(Entries taken from a collection)
%%

(* Let $N:=\lceil 4(1-\gamma)^{-1}\rceil$, $\Delta_0:=(1-\gamma)^{-1}\max_{s\in\mathcal S}g^{\pi_0}(s)$, and let $\bar D>0$ satisfy $\max_{s\in\mathcal S}\max_{\pi,\pi'}D^{\pi}_{\pi'}(s)\le\bar D$ (maximum over all policies). Let PMD be run from $\pi_0$ with step sizes $\eta_t=2^t\cdot\bar D/\Delta_0$. Then for all $t\ge0$, $$V^{\pi_t}(s)-V^{\pi^*}(s)\le 2^{-\lfloor t/N\rfloor}\Delta_0\quad\forall s\in\mathcal S.$$
   Context: An infinite-horizon discounted MDP: finite state space $\mathcal S$, finite action space $\mathcal A$, transition probabilities $\mathcal P(s'\mid s,a)$, cost $c$, discount $\gamma\in[0,1)$. A policy $\pi$ assigns $\pi(\cdot\mid s)\in\Delta_{|\mathcal A|}$ (probability simplex). Let $\omega$ be a differentiable convex distance-generating function on $\Delta_{|\mathcal A|}$ and $D^{\pi'}_{\pi}(s):=\omega(\pi'(\cdot\mid s))-\omega(\pi(\cdot\mid s))-\langle\nabla\omega(\pi(\cdot\mid s)),\pi'(\cdot\mid s)-\pi(\cdot\mid s)\rangle$. For each $s$, $p\mapsto h^p(s)$ is closed convex on $\Delta_{|\mathcal A|}$ and $\mu_h$-strongly convex ($\mu_h\ge0$) w.r.t. this Bregman distance. $V^\pi(s)=\mathbb E[\sum_{t\ge0}\gamma^t(c(s_t,a_t)+h^{\pi(\cdot\mid s_t)}(s_t))\mid s_0=s,\ a_t\sim\pi(\cdot\mid s_t),\ s_{t+1}\sim\mathcal P(\cdot\mid s_t,a_t)]$, $Q^\pi(s,a)$ the same with $a_0=a$. $\pi^*$ is an optimal policy ($V^{\pi^*}\le V^\pi$ pointwise for all $\pi$). Advantage: $\psi^\pi(s,p):=\langle Q^\pi(s,\cdot),p\rangle-V^\pi(s)+h^p(s)-h^{\pi(\cdot\mid s)}(s)$; gap $g^\pi(s):=\max_{p\in\Delta_{|\mathcal A|}}\{-\psi^\pi(s,p)\}$. PMD: $\pi_{t+1}(\cdot\mid s)=\operatorname{argmin}_{p\in\Delta_{|\mathcal A|}}\{\eta_t[\langle Q^{\pi_t}(s,\cdot),p\rangle+h^p(s)]+\omega(p)-\omega(\pi_t(\cdot\mid s))-\langle\nabla\omega(\pi_t(\cdot\mid s)),p-\pi_t(\cdot\mid s)\rangle\}$ for all $s$. *)

From HB Require Import structures.
From mathcomp Require Import all_boot all_order all_algebra.
From mathcomp Require Import all_classical all_reals all_analysis.
Set Implicit Arguments. Unset Strict Implicit. Unset Printing Implicit Defensive.
Import Order.TTheory GRing.Theory Num.Theory.
Local Open Scope classical_set_scope.
Local Open Scope ring_scope.

Section PMD.
Variables (R : realType) (S A : finType).

Definition simplex : set (A -> R) :=
  [set p | (forall a, 0 <= p a) /\ \sum_a p a = 1].

Definition dotA (u v : A -> R) : R := \sum_a u a * v a.

(* sup-norm distance on A -> R (all norms are equivalent in finite dim.) *)
Definition supdist (p q : A -> R) : R := \big[Num.max/0]_a `|p a - q a|.

Definition is_policy (pi : S -> A -> R) : Prop := forall s, simplex (pi s).

Definition breg (omega : (A -> R) -> R) (gomega : (A -> R) -> A -> R)
  (p' p : A -> R) : R :=
  omega p' - omega p - dotA (gomega p) (fun a => p' a - p a).

Definition convex_on_simplex (f : (A -> R) -> R) : Prop :=
  forall p q (l : R), simplex p -> simplex q -> 0 <= l <= 1 ->
    f (fun a => l * p a + (1 - l) * q a) <= l * f p + (1 - l) * f q.

(* closed (= lower semicontinuous) on the simplex *)
Definition lsc_on_simplex (f : (A -> R) -> R) : Prop :=
  forall p (r : R), simplex p -> r < f p ->
    exists e : R, 0 < e /\ forall q, simplex q -> supdist q p < e -> r < f q.

Definition grad_on_simplex (omega : (A -> R) -> R) (gomega : (A -> R) -> A -> R)
  : Prop :=
  forall p, simplex p -> forall e : R, 0 < e -> exists d : R, 0 < d /\
    forall v : A -> R, supdist v (fun _ => 0) < d ->
      `| omega (fun a => p a + v a) - omega p - dotA (gomega p) v |
        <= e * supdist v (fun _ => 0).

(* mu-strong convexity w.r.t. the Bregman distance of omega:
   p |-> f p - mu * omega p is convex on the simplex *)
Definition strongly_convex_wrt (mu : R) (omega : (A -> R) -> R)
  (f : (A -> R) -> R) : Prop :=
  convex_on_simplex (fun p => f p - mu * omega p).

Variables (P : S -> A -> S -> R) (c : S -> A -> R) (gamma : R)
  (h : S -> (A -> R) -> R).

Definition rpi (pi : S -> A -> R) (s : S) : R :=
  \sum_a pi s a * c s a + h s (pi s).

Definition stepd (pi : S -> A -> R) (mu : S -> R) : S -> R :=
  fun s' => \sum_s \sum_a mu s * pi s a * P s a s'.

Definition distt (pi : S -> A -> R) (mu : S -> R) (t : nat) : S -> R :=
  iter t (stepd pi) mu.

Definition dirac (s : S) : S -> R := fun s' => if s' == s then 1 else 0.

(* V^pi(s) = E[ sum_t gamma^t (c(s_t,a_t) + h^{pi(.|s_t)}(s_t)) | s_0 = s ] *)
Definition Vf (pi : S -> A -> R) (s : S) : R :=
  \big[+%R/0%R]_(0 <= t <oo) (gamma ^+ t * \sum_s' distt pi (dirac s) t s' * rpi pi s').

(* Q^pi(s,a): same with a_0 = a; then s_1 ~ P(.|s,a) and pi is followed *)
Definition Qf (pi : S -> A -> R) (s : S) (a : A) : R :=
  c s a + h s (pi s) +
  \big[+%R/0%R]_(0 <= t <oo) (gamma ^+ t.+1 * \sum_s' distt pi (P s a) t s' * rpi pi s').

Definition psi (pi : S -> A -> R) (s : S) (p : A -> R) : R :=
  dotA (Qf pi s) p - Vf pi s + h s p - h s (pi s).

Definition gap (pi : S -> A -> R) (s : S) : R :=
  sup [set - psi pi s p | p in simplex].

Definition Delta0 (pi0 : S -> A -> R) : R :=
  (1 - gamma)^-1 * sup (range (gap pi0)).

Definition Nconst : nat := `|Num.ceil (4 / (1 - gamma))|%N.

Definition pmd_obj (omega : (A -> R) -> R) (gomega : (A -> R) -> A -> R)
  (eta : R) (pi : S -> A -> R) (s : S) (p : A -> R) : R :=
  eta * (dotA (Qf pi s) p + h s p) + breg omega gomega p (pi s).

End PMD.

From Pilot Require Import Defs.
From HB Require Import structures.
From mathcomp Require Import all_boot all_order all_algebra.
From mathcomp Require Import all_classical all_reals all_analysis.
From mathcomp Require Import ring lra.
Import Order.TTheory GRing.Theory Num.Theory.
Import numFieldNormedType.Exports.
Local Open Scope classical_set_scope.
Local Open Scope ring_scope.

(* Write V_t for the value of pi_t and V' for the value of the comparator pi'.
   Since pi_(t+1)(.|s) minimises the mirror-descent objective, comparing it with
   pi_t(.|s) and with pi'(.|s) gives
     psi^(pi_t)(s, pi_(t+1)) <= 0   and
     psi^(pi_t)(s, pi_(t+1)) <= psi^(pi_t)(s, pi') + Dbar / eta_t.
   By the Bellman equations the difference of two value functions solves a
   discounted fixed-point equation whose forcing term is an advantage, so a maximum
   principle turns these inequalities into V_(t+1) <= V_t and
     max_s (V_(t+1) - V') <= gamma * max_s (V_t - V') + Delta_0 / 2^t,
   while max_s (V_0 - V') <= Delta_0 by definition of the gap.  Such a perturbed
   contraction halves within every block of N >= 4 / (1 - gamma) steps. *)

(** * Perturbed contractions *)

Lemma expr_mul_bernoulli_le1 {R : realFieldType} (n : nat) {g : R} :
  0 <= g <= 1 -> g ^+ n * (1 + n%:R * (1 - g)) <= 1.
Proof.
move=> /andP[g_ge0 g_le1]; elim: n => [|n IH]; first by rewrite expr0 mul0r addr0 mulr1.
have gn_ge0 : 0 <= g ^+ n.+1 by apply: exprn_ge0.
have gn_le1 : g ^+ n.+1 <= 1 by apply: exprn_ile1.
have -> : g ^+ n.+1 * (1 + n.+1%:R * (1 - g)) =
    g * (g ^+ n * (1 + n%:R * (1 - g))) + g ^+ n.+1 * (1 - g).
  by rewrite exprS -natr1; ring.
have IHg : g * (g ^+ n * (1 + n%:R * (1 - g))) <= g by rewrite ler_piMr.
nra.
Qed.

Lemma halving_block_small {R : realType} {g B : R} {e : nat -> R} :
  0 <= g <= 1 / 2 -> 0 <= B ->
  (forall k, e k.+1 <= g * e k + B / 2 ^+ k) -> e 0 <= B ->
  forall m, e m <= g ^+ m * B + 2 * m%:R * B / 2 ^+ m.
Proof.
move=> /andP[g_ge0 g_small] B_ge0 e_step e0_le.
elim=> [|m IH]; first by rewrite expr0 mul1r mulr0n mulr0 !mul0r addr0.
apply: le_trans (e_step m) _.
have pow2_gt0 : 0 < (2 : R) ^+ m := exprn_gt0 _ (ltr0Sn R 1).
have x_ge0 : 0 <= B / 2 ^+ m by rewrite divr_ge0 // ltW.
have m_ge0 : 0 <= m%:R :> R := ler0n _ _.
have -> : 2 * m.+1%:R * B / 2 ^+ m.+1 = (m%:R + 1) * (B / 2 ^+ m).
  by rewrite exprS -natr1; field; rewrite gt_eqF.
have IHg : g * e m <= g * (g ^+ m * B + 2 * m%:R * (B / 2 ^+ m)).
  by apply: ler_wpM2l => //; rewrite mulrA.
have mx_ge0 : 0 <= m%:R * (B / 2 ^+ m) by apply: mulr_ge0.
rewrite exprS; nra.
Qed.

Lemma halving_block_shift {R : realType} {g B : R} {e : nat -> R} :
  0 <= g <= 1 -> 0 <= B -> (forall k, e k.+1 <= e k) ->
  (forall k, e k.+1 <= g * e k + B / 2 ^+ k) -> e 0 <= B ->
  forall m, e (4 + m) <= g ^+ m * B + (B - B / 2 ^+ m) / 8.
Proof.
move=> /andP[g_ge0 g_le1] B_ge0 e_nonincr e_step e0_le.
elim=> [|m IH].
  have e4_le : e 4 <= e 0 by move/nonincreasing_seqP: e_nonincr; apply.
  rewrite !expr0 divr1; lra.
apply: le_trans (e_step (4 + m)) _.
have pow2_gt0 k : 0 < (2 : R) ^+ k := exprn_gt0 _ (ltr0Sn R 1).
set x := B / 2 ^+ m.
have x_ge0 : 0 <= x by rewrite divr_ge0 // ltW.
have x_leB : x <= B by rewrite ler_pdivrMr // ler_peMr // exprn_ege1 //; lra.
have -> : B / 2 ^+ (4 + m) = x / 16 by rewrite exprD /x; field; rewrite !gt_eqF.
have -> : B / 2 ^+ m.+1 = x / 2 by rewrite exprS /x; field; rewrite !gt_eqF.
have IHg : g * e (4 + m) <= g * (g ^+ m * B + (B - x) / 8) by apply: ler_wpM2l.
have gBx : g * (B - x) <= B - x by rewrite ler_piMl // subr_ge0.
rewrite exprS; nra.
Qed.

Lemma halving_block {R : realType} {g B : R} {e : nat -> R} {N : nat} :
  0 <= g -> 4 <= N%:R * (1 - g) -> 0 <= B -> (forall k, e k.+1 <= e k) ->
  (forall k, e k.+1 <= g * e k + B / 2 ^+ k) -> e 0 <= B ->
  e N <= B / 2.
Proof.
move=> g_ge0 N_large B_ge0 e_nonincr e_step e0_le.
have e_homo : {homo e : m n / (m <= n)%N >-> n <= m} by apply/nonincreasing_seqP.
have g_le1 : g <= 1.
  rewrite leNgt; apply/negP => g_gt1.
  have : N%:R * (1 - g) <= 0 by rewrite mulr_ge0_le0 // subr_le0 ltW.
  lra.
have N_ge4 : (4 <= N)%N.
  by rewrite -(ler_nat R); apply: le_trans N_large _; rewrite ler_piMr // gerBl.
have [g_small|g_large] := lerP g (1 / 2).
  have g_small' : 0 <= g <= 1 / 2 by rewrite g_ge0 g_small.
  have [g0|g_neq0] := eqVneq g 0.
    apply: le_trans (e_homo _ _ N_ge4) _.
    apply: le_trans (halving_block_small g_small' B_ge0 e_step e0_le 4) _.
    by rewrite g0 expr0n mul0r add0r; lra.
  have N_ge5 : (5 <= N)%N.
    rewrite ltn_neqAle N_ge4 andbT; apply/eqP => N_eq4.
    have g_gt0 : 0 < g by rewrite lt_def g_neq0 g_ge0.
    by move: N_large; rewrite -N_eq4; lra.
  apply: le_trans (e_homo _ _ N_ge5) _.
  apply: le_trans (halving_block_small g_small' B_ge0 e_step e0_le 5) _.
  have g5 : g ^+ 5 <= 1 / 32.
    apply: (@le_trans _ _ ((1 / 2) ^+ 5)); first by rewrite lerXn2r // nnegrE; lra.
    by rewrite !exprS expr0; lra.
  have g5B : g ^+ 5 * B <= 1 / 32 * B by exact: ler_wpM2r.
  have -> : (2 : R) ^+ 5 = 32 by rewrite !exprS expr0; lra.
  lra.
(* The first four steps only use monotonicity, so the perturbations left sum to at
   most B / 8, and Bernoulli's inequality gives g ^+ (N - 4) <= 1 / 3. *)
have g_unit : 0 <= g <= 1 by rewrite g_ge0 g_le1.
rewrite -(subnKC N_ge4).
apply: le_trans (halving_block_shift g_unit B_ge0 e_nonincr e_step e0_le (N - 4)%N) _.
set n := (N - 4)%N.
have n_large : 2 <= n%:R * (1 - g) by rewrite /n natrB //; lra.
have bernoulli := expr_mul_bernoulli_le1 n g_unit.
have gn_ge0 : 0 <= g ^+ n := exprn_ge0 _ g_ge0.
have gnB : g ^+ n * B <= B / 3 by nra.
have x_ge0 : 0 <= B / 2 ^+ n by rewrite divr_ge0 // exprn_ge0.
lra.
Qed.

%%

▶ **WHAT YOU SHOULD DO**: Return every line above in which the string "distance" occurs.

▶ **REPLY**:
   Context: An infinite-horizon discounted MDP: finite state space $\mathcal S$, finite action space $\mathcal A$, transition probabilities $\mathcal P(s'\mid s,a)$, cost $c$, discount $\gamma\in[0,1)$. A policy $\pi$ assigns $\pi(\cdot\mid s)\in\Delta_{|\mathcal A|}$ (probability simplex). Let $\omega$ be a differentiable convex distance-generating function on $\Delta_{|\mathcal A|}$ and $D^{\pi'}_{\pi}(s):=\omega(\pi'(\cdot\mid s))-\omega(\pi(\cdot\mid s))-\langle\nabla\omega(\pi(\cdot\mid s)),\pi'(\cdot\mid s)-\pi(\cdot\mid s)\rangle$. For each $s$, $p\mapsto h^p(s)$ is closed convex on $\Delta_{|\mathcal A|}$ and $\mu_h$-strongly convex ($\mu_h\ge0$) w.r.t. this Bregman distance. $V^\pi(s)=\mathbb E[\sum_{t\ge0}\gamma^t(c(s_t,a_t)+h^{\pi(\cdot\mid s_t)}(s_t))\mid s_0=s,\ a_t\sim\pi(\cdot\mid s_t),\ s_{t+1}\sim\mathcal P(\cdot\mid s_t,a_t)]$, $Q^\pi(s,a)$ the same with $a_0=a$. $\pi^*$ is an optimal policy ($V^{\pi^*}\le V^\pi$ pointwise for all $\pi$). Advantage: $\psi^\pi(s,p):=\langle Q^\pi(s,\cdot),p\rangle-V^\pi(s)+h^p(s)-h^{\pi(\cdot\mid s)}(s)$; gap $g^\pi(s):=\max_{p\in\Delta_{|\mathcal A|}}\{-\psi^\pi(s,p)\}$. PMD: $\pi_{t+1}(\cdot\mid s)=\operatorname{argmin}_{p\in\Delta_{|\mathcal A|}}\{\eta_t[\langle Q^{\pi_t}(s,\cdot),p\rangle+h^p(s)]+\omega(p)-\omega(\pi_t(\cdot\mid s))-\langle\nabla\omega(\pi_t(\cdot\mid s)),p-\pi_t(\cdot\mid s)\rangle\}$ for all $s$. *)
(* sup-norm distance on A -> R (all norms are equivalent in finite dim.) *)
(* mu-strong convexity w.r.t. the Bregman distance of omega:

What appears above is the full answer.